### YOUR INSTRUCTIONS
Find and copy each line of the data that includes "dots".

[Dataset entries]
▬▬▬

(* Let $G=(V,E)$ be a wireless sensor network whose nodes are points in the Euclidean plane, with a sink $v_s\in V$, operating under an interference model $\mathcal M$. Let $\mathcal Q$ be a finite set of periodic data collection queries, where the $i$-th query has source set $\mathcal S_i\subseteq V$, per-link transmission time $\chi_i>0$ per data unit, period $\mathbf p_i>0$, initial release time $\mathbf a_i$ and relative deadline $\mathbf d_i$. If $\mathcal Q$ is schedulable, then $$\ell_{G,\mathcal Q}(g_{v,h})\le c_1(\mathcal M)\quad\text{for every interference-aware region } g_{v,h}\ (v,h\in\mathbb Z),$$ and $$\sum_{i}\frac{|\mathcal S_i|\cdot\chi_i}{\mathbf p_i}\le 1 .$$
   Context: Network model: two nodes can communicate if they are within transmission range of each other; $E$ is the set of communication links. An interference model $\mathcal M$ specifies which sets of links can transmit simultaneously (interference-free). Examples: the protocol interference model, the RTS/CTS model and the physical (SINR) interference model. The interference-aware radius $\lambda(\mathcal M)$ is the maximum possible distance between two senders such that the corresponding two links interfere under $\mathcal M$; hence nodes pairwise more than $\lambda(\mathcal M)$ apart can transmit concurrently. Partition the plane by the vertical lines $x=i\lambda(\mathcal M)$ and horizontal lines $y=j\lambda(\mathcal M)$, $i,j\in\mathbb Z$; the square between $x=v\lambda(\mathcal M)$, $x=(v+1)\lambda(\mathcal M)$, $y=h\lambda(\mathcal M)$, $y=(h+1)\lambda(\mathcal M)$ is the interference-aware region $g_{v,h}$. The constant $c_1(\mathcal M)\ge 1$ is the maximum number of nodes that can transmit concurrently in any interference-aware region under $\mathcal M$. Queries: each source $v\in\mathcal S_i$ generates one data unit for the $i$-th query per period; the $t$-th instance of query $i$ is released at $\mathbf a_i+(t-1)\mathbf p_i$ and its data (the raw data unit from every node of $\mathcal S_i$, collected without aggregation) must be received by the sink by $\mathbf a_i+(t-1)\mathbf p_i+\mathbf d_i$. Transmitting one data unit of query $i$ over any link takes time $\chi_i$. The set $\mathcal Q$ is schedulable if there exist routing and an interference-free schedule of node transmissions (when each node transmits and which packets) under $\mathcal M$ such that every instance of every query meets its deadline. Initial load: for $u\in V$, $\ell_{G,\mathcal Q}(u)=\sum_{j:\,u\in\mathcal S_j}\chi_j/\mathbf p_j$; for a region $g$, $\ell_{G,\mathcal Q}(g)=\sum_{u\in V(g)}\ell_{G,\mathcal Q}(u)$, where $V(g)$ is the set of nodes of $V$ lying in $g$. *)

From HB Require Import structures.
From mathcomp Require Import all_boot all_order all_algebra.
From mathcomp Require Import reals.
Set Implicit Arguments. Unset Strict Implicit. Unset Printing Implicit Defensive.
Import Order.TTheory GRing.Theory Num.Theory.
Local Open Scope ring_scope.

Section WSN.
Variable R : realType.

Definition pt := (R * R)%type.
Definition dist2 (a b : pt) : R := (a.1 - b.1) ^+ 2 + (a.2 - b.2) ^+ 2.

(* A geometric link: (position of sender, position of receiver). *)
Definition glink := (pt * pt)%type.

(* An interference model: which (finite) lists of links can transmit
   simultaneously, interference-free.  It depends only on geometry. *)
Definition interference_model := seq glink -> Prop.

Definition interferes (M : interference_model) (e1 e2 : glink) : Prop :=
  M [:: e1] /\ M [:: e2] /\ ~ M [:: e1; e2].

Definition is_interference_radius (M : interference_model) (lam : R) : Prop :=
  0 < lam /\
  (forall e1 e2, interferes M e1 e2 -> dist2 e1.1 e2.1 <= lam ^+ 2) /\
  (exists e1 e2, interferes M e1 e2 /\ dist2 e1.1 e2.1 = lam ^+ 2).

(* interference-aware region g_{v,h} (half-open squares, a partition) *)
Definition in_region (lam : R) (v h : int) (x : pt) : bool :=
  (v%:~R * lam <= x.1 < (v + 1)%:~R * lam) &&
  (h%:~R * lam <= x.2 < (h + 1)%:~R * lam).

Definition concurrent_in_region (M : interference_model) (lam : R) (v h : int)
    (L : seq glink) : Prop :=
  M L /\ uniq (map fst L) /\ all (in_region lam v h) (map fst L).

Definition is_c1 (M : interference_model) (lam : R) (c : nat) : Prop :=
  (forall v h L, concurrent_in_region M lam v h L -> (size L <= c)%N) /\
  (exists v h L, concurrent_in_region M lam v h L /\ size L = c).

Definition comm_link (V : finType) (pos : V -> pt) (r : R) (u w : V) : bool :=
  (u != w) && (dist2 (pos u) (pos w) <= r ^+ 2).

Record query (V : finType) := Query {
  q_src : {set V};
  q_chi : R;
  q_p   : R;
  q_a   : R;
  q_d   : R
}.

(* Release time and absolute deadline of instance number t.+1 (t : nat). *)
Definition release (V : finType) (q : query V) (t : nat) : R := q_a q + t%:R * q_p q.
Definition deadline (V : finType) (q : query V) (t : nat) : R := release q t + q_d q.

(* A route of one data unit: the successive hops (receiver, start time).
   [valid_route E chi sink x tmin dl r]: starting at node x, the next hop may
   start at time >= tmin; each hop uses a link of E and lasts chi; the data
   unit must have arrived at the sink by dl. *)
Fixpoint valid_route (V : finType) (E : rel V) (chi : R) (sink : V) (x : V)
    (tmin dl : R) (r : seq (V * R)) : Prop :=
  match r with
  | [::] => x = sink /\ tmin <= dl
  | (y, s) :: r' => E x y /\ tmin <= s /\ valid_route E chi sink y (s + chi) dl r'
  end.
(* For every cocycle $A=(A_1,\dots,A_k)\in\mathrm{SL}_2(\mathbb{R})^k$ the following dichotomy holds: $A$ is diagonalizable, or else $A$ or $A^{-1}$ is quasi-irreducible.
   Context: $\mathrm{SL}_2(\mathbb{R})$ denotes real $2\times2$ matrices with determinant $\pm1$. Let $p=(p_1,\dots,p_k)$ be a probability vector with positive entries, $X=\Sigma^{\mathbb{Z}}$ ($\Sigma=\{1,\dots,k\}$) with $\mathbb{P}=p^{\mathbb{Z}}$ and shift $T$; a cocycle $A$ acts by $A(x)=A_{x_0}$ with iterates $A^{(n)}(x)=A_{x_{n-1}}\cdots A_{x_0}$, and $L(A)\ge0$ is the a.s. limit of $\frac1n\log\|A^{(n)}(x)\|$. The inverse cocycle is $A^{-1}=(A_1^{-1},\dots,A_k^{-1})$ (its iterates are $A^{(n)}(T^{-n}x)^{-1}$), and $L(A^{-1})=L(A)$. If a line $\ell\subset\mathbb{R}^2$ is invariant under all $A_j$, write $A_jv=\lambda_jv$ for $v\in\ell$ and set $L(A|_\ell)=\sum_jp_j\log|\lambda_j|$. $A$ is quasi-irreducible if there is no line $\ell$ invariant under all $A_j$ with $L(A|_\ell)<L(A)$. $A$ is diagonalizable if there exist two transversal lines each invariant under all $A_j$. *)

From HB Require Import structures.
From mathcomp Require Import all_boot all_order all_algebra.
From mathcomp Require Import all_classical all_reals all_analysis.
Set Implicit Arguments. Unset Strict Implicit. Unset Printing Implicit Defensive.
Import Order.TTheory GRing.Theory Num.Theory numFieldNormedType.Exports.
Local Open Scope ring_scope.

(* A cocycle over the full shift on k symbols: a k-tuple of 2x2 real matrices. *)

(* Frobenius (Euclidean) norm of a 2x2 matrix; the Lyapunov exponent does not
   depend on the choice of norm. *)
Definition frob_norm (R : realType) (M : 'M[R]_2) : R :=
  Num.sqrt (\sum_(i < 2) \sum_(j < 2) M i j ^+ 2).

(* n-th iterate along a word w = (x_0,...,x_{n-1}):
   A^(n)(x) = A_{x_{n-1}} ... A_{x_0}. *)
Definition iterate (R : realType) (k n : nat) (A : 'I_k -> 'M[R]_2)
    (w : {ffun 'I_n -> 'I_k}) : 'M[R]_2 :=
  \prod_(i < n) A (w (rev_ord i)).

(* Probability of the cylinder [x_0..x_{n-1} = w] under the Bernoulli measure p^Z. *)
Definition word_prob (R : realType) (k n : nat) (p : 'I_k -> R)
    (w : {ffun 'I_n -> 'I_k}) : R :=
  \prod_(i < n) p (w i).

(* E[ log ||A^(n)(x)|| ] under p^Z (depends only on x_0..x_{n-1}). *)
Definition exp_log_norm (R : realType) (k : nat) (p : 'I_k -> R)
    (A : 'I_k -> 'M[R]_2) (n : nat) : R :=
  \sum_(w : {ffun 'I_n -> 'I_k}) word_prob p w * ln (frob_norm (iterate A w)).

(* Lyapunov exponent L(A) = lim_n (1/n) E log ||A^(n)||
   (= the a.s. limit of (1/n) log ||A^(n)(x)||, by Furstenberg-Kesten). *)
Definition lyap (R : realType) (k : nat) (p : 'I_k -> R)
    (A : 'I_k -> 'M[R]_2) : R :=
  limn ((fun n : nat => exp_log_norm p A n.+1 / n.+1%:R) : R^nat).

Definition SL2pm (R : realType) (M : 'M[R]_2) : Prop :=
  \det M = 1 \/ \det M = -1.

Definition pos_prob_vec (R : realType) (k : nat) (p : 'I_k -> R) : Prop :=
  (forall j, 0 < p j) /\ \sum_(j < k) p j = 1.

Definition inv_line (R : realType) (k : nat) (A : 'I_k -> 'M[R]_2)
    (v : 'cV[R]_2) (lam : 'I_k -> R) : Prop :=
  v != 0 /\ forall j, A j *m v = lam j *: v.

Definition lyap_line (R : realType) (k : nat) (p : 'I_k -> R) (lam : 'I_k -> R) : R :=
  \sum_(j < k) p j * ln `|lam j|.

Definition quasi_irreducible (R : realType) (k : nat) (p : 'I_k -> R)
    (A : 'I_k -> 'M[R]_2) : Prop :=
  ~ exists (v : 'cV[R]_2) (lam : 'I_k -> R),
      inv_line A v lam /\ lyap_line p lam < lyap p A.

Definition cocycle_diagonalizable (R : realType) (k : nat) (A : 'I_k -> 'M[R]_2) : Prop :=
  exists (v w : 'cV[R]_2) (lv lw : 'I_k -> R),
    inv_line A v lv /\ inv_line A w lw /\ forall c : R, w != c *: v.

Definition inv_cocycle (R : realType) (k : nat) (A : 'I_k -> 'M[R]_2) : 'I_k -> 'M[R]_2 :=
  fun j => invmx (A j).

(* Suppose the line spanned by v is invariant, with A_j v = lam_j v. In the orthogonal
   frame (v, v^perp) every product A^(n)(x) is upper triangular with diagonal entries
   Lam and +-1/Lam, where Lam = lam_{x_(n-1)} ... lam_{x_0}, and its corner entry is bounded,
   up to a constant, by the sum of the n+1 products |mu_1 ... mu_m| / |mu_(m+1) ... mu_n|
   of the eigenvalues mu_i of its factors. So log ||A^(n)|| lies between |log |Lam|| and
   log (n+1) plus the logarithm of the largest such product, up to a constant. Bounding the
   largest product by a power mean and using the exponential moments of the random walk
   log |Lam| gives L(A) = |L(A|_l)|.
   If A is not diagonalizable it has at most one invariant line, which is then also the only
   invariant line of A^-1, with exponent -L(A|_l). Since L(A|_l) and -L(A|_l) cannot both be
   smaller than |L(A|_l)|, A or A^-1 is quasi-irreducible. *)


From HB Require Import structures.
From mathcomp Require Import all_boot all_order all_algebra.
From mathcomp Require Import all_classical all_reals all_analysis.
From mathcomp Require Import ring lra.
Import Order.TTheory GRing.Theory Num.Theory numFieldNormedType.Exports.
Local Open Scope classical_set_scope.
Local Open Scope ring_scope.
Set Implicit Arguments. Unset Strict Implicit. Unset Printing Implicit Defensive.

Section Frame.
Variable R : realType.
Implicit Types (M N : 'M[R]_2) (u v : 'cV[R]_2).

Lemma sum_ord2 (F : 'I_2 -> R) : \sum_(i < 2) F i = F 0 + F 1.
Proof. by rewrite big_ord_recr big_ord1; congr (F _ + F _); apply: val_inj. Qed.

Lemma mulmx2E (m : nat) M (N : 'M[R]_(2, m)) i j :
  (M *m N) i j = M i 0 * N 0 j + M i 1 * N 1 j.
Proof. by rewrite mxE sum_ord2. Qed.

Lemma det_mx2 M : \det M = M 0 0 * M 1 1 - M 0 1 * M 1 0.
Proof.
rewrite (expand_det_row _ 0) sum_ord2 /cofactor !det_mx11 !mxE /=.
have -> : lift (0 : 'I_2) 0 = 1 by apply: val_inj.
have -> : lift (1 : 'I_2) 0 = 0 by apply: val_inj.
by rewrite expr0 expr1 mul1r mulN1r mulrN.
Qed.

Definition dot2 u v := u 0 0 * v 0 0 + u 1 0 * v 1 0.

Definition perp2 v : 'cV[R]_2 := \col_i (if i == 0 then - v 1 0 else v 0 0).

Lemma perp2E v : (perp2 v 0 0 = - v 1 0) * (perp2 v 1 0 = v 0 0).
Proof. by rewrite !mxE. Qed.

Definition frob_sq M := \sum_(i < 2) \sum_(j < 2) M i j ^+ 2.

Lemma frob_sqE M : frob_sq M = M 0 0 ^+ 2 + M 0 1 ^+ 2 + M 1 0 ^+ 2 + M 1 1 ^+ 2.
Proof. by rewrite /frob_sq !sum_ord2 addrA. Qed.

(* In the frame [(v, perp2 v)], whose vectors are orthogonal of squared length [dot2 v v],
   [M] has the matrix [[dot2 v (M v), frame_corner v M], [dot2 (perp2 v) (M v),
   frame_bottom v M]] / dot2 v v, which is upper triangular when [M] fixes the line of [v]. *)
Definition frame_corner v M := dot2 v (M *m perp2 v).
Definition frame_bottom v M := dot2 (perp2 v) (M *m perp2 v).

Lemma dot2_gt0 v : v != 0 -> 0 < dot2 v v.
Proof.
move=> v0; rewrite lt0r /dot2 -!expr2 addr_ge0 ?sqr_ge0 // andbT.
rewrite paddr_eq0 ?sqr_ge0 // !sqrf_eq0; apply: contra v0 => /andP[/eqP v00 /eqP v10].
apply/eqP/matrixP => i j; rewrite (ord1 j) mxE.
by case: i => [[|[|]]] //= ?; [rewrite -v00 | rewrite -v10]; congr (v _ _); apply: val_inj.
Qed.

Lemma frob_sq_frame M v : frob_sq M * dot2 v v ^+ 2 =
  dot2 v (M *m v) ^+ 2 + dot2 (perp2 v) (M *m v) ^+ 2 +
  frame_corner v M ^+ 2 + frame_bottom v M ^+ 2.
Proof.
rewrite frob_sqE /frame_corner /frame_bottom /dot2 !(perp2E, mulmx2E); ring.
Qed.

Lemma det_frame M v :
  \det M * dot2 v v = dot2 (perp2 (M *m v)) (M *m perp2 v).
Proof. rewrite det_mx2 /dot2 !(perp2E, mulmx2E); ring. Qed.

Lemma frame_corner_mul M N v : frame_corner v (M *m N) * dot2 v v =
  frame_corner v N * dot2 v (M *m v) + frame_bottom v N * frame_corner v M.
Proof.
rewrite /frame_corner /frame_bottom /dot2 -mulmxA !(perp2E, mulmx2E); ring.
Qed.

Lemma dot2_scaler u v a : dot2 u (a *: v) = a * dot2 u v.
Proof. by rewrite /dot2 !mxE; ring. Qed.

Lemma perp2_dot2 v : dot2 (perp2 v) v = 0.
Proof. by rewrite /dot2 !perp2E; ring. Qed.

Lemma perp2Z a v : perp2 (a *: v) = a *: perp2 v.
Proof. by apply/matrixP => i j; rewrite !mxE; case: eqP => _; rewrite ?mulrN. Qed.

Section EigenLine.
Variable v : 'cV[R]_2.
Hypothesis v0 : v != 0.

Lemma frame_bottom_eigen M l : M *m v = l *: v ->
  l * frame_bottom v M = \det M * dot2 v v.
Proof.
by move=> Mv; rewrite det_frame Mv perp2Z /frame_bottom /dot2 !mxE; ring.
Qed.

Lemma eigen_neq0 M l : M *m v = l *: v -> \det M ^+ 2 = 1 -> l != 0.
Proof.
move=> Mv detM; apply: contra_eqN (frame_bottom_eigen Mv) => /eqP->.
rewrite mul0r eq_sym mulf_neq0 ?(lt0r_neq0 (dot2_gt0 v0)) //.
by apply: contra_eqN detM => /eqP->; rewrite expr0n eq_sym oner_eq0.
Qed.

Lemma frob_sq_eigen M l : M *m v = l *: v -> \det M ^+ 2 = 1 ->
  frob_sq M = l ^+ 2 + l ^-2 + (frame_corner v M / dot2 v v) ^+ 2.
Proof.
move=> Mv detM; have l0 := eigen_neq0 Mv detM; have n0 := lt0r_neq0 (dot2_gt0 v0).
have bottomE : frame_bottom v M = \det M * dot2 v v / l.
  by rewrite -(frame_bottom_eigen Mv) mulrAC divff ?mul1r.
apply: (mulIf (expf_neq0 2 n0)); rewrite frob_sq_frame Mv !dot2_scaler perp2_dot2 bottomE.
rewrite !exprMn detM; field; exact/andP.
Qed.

▬▬▬

### SOLUTION TO THIS PROBLEM
(* For every cocycle $A=(A_1,\dots,A_k)\in\mathrm{SL}_2(\mathbb{R})^k$ the following dichotomy holds: $A$ is diagonalizable, or else $A$ or $A^{-1}$ is quasi-irreducible.
   Context: $\mathrm{SL}_2(\mathbb{R})$ denotes real $2\times2$ matrices with determinant $\pm1$. Let $p=(p_1,\dots,p_k)$ be a probability vector with positive entries, $X=\Sigma^{\mathbb{Z}}$ ($\Sigma=\{1,\dots,k\}$) with $\mathbb{P}=p^{\mathbb{Z}}$ and shift $T$; a cocycle $A$ acts by $A(x)=A_{x_0}$ with iterates $A^{(n)}(x)=A_{x_{n-1}}\cdots A_{x_0}$, and $L(A)\ge0$ is the a.s. limit of $\frac1n\log\|A^{(n)}(x)\|$. The inverse cocycle is $A^{-1}=(A_1^{-1},\dots,A_k^{-1})$ (its iterates are $A^{(n)}(T^{-n}x)^{-1}$), and $L(A^{-1})=L(A)$. If a line $\ell\subset\mathbb{R}^2$ is invariant under all $A_j$, write $A_jv=\lambda_jv$ for $v\in\ell$ and set $L(A|_\ell)=\sum_jp_j\log|\lambda_j|$. $A$ is quasi-irreducible if there is no line $\ell$ invariant under all $A_j$ with $L(A|_\ell)<L(A)$. $A$ is diagonalizable if there exist two transversal lines each invariant under all $A_j$. *)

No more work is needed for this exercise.